Article Text
Abstract
Introduction/Background*IVLBCL is a rare subtype of B-cell lymphoma characterised by the proliferation of malignant lymphocytes within vascular lumina in the absence of an extravascular tumour mass. Due to its aggressive nature, systemic disease is often present at the time of diagnosis.
Methodology This is a case report of a a 55-year-old Chilean woman who was referred for management of a large complex ovarian mass suspicious for an ovarian neoplasm. She underwent a staging laparotomy, including a total abdominal hysterectomy, bilateral salpingo-oophorectomy, omentectomy and appendicectomy. A large, haemorrhagic, torted left ovarian mass weighing 6kg was removed. The left ovarian cyst showed extensive haemorrhagic infarction related to previous torsion. However, on microscopic examination, the myometrium and endocervical mucosa showed numerous capillaries containing an intravascular population of large lymphoid cells with malignant cytologic atypia. Immunohistochemistry confirmed these cells were of B lymphocyte lineage, hence forming a diagnosis of intravascular large B-cell lymphoma (IVLBCL). Following referral to a haematological oncologist, a positron emission tomography (PET) scan found no other evidence of disease and our patient was recommended for surveillance.

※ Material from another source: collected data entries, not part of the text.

(* Consider the protocol $P_{RL}$ with parameter $N$ on a directed ring of size $n$ with $2\le n\le N$. The set $\mathcal{C}_{NI}$ of configurations (defined in the context) is closed: no configuration outside $\mathcal{C}_{NI}$ is reachable from a configuration in $\mathcal{C}_{NI}$.
   Context: Model. A population is a directed ring of $n\ge 2$ anonymous agents $u_0,\dots,u_{n-1}$ (indices modulo $n$) with arcs $e_i=(u_i,u_{i+1})$. A configuration $C$ assigns a state to each agent; $C\to C'$ means that $C'$ is obtained from $C$ by one interaction on some arc $e_i$, in which initiator $u_i$ and responder $u_{i+1}$ update their states by the transition function and all other agents keep their states. A configuration is reachable from $C$ if it is obtained from $C$ by finitely many such steps. Protocol $P_{RL}$ (parameter $N$). Each agent has variables $\mathit{leader}\in\{0,1\}$, $\mathit{bullet}\in\{0,1,2\}$, $\mathit{shield}\in\{0,1\}$, $\mathit{signal}\in\{0,1\}$, $\mathit{dist}\in\{0,\dots,N\}$. In an interaction with initiator $l$ and responder $r$ the following are executed in order: 1. If $l.\mathit{leader}=1$ then $l.\mathit{dist}\gets 0$. 2. If $r.\mathit{leader}=1$ then $r.\mathit{dist}\gets 0$; else if $r.\mathit{bullet}=0$ then $r.\mathit{dist}\gets\min(l.\mathit{dist}+1,N)$. 3. If $r.\mathit{dist}=N$ then $r.\mathit{leader}\gets1$, $r.\mathit{bullet}\gets2$, $r.\mathit{shield}\gets1$, $r.\mathit{signal}\gets0$, $r.\mathit{dist}\gets0$. 4. If $l.\mathit{leader}=1$ and $l.\mathit{signal}=1$ then $l.\mathit{bullet}\gets2$, $l.\mathit{shield}\gets1$, $l.\mathit{signal}\gets0$. 5. If $r.\mathit{leader}=1$ and $r.\mathit{signal}=1$ then $r.\mathit{bullet}\gets1$, $r.\mathit{shield}\gets0$, $r.\mathit{signal}\gets0$. 6. If $l.\mathit{bullet}>0$ and $r.\mathit{leader}=1$: set $r.\mathit{leader}\gets0$ if ($l.\mathit{bullet}=2$ and $r.\mathit{shield}=0$); then $l.\mathit{bullet}\gets0$. Else, if $l.\mathit{bullet}>0$ and $r.\mathit{leader}=0$: if $r.\mathit{bullet}=0$ then $r.\mathit{bullet}\gets l.\mathit{bullet}$; then $l.\mathit{bullet}\gets0$ and $r.\mathit{signal}\gets0$. 7. $l.\mathit{signal}\gets\max(l.\mathit{signal},r.\mathit{signal},r.\mathit{leader})$. An agent is a leader if $\mathit{leader}=1$ and a follower otherwise. Definitions (in a configuration with at least one leader). $\mathrm{dist}_L(i)=\min\{j\ge0: u_{i-j}.\mathit{leader}=1\}$ and $\mathrm{dist}_R(i)=\min\{j\ge0: u_{i+j}.\mathit{leader}=1\}$. $\mathrm{peaceful}(i)$ holds iff $u_{i-\mathrm{dist}_L(i)}.\mathit{shield}=1$ and $u_{i-j}.\mathit{signal}=0$ for all $0\le j\le\mathrm{dist}_L(i)$. $\mathrm{modest}(i)$ holds iff $\mathrm{peaceful}(i)$ holds and $u_{i-j}.\mathit{dist}\le\mathrm{dist}_L(i-j)$ for all $0\le j\le\mathrm{dist}_L(i)$. $\mathrm{secure}(i)$ holds iff $u_i.\mathit{dist}=0$ when $u_i.\mathit{leader}=1$, and $u_i.\mathit{dist}\le N-\mathrm{dist}_R(i)$ when $u_i.\mathit{leader}=0$. $\mathcal{C}_{PB}$ is the set of configurations with at least one leader in which every $u_j$ with $u_j.\mathit{bullet}=2$ satisfies $\mathrm{peaceful}(j)$. $\mathcal{C}_{NI}$ is the set of configurations in $\mathcal{C}_{PB}$ in which every agent $u_i$ satisfies $\mathrm{secure}(i)$ and every $u_j$ with $u_j.\mathit{bullet}=2$ satisfies $\mathrm{modest}(j)$. *)

From Stdlib Require Import Relation_Operators.
From mathcomp Require Import all_boot.
Set Implicit Arguments. Unset Strict Implicit. Unset Printing Implicit Defensive.

Record AState (N : nat) := MkSt {
  leader : bool;
  bullet : 'I_3;
  shield : bool;
  signal : bool;
  dist   : 'I_N.+1
}.

Section Protocol.
Variable N : nat.

Definition set_leader (s : AState N) b := @MkSt N b (bullet s) (shield s) (signal s) (dist s).
Definition set_bullet (s : AState N) b := @MkSt N (leader s) b (shield s) (signal s) (dist s).
Definition set_shield (s : AState N) b := @MkSt N (leader s) (bullet s) b (signal s) (dist s).
Definition set_signal (s : AState N) b := @MkSt N (leader s) (bullet s) (shield s) b (dist s).
Definition set_dist (s : AState N) d := @MkSt N (leader s) (bullet s) (shield s) (signal s) d.

Definition b0 : 'I_3 := @Ordinal 3 0 isT.
Definition b1 : 'I_3 := @Ordinal 3 1 isT.
Definition b2 : 'I_3 := @Ordinal 3 2 isT.
Definition d0 : 'I_N.+1 := ord0.

(* The transition function: (initiator, responder) -> (initiator', responder'),
   executing steps 1..7 in order. *)
Definition delta (l r : AState N) : AState N * AState N :=
  let l := if leader l then set_dist l d0 else l in
  let r := if leader r then set_dist r d0
           else if bullet r == b0 then set_dist r (inord (minn (dist l).+1 N))
           else r in
  let r := if nat_of_ord (dist r) == N then @MkSt N true b2 true false d0 else r in
  let l := if leader l && signal l
           then set_signal (set_shield (set_bullet l b2) true) false else l in
  let r := if leader r && signal r
           then set_signal (set_shield (set_bullet r b1) false) false else r in
  let (l, r) :=
    if (0 < bullet l) && leader r then
      (set_bullet l b0,
       if (bullet l == b2) && ~~ shield r then set_leader r false else r)
    else if (0 < bullet l) && ~~ leader r then
      (set_bullet l b0,
       set_signal (if bullet r == b0 then set_bullet r (bullet l) else r) false)
    else (l, r) in
  (set_signal l [|| signal l, signal r | leader r], r).

End Protocol.

(* Configurations of a directed ring of n agents u_0..u_{n-1};
   arc e_i = (u_i, u_{i+1 mod n}); ordS is successor mod n. *)
Definition config (n N : nat) := 'I_n -> AState N.

Section Ring.
Variables n N : nat.
Implicit Types (C : config n N) (i : 'I_n).

Definition step C C' : Prop :=
  exists i : 'I_n,
    forall j : 'I_n,
      C' j = if j == i then (delta (C i) (C (ordS i))).1
             else if j == ordS i then (delta (C i) (C (ordS i))).2
             else C j.

Definition reachable : config n N -> config n N -> Prop := @clos_refl_trans (config n N) step.

Definition back (j : nat) i : 'I_n := iter j (@ord_pred n) i.
Definition fwd (j : nat) i : 'I_n := iter j (@ordS n) i.

Definition has_leader C : Prop := exists i, leader (C i).

(* dist_L(i) = min {j >= 0 : u_{i-j} is a leader}; dist_R similarly.
   (Only meaningful when a leader exists, in which case the min is < n.) *)
Definition distL C i : nat := find (fun j => leader (C (back j i))) (iota 0 n).
Definition distR C i : nat := find (fun j => leader (C (fwd j i))) (iota 0 n).

Definition peaceful C i : Prop :=
  shield (C (back (distL C i) i)) /\
  forall j, j <= distL C i -> signal (C (back j i)) = false.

Result(s)*10 cases have been reported in the uterus, most of which present with abnormal vaginal bleeding or non-specific constitutional symptoms. There is no standardised treatment of IVLBCL, but most cases of uterine IVLBCL have been treated with both surgery and chemotherapy, with variable outcomes.
Conclusion*There is no standardised treatment of IVLBCL, but most cases of uterine IVLBCL have been treated with both surgery and chemotherapy, with variable outcomes.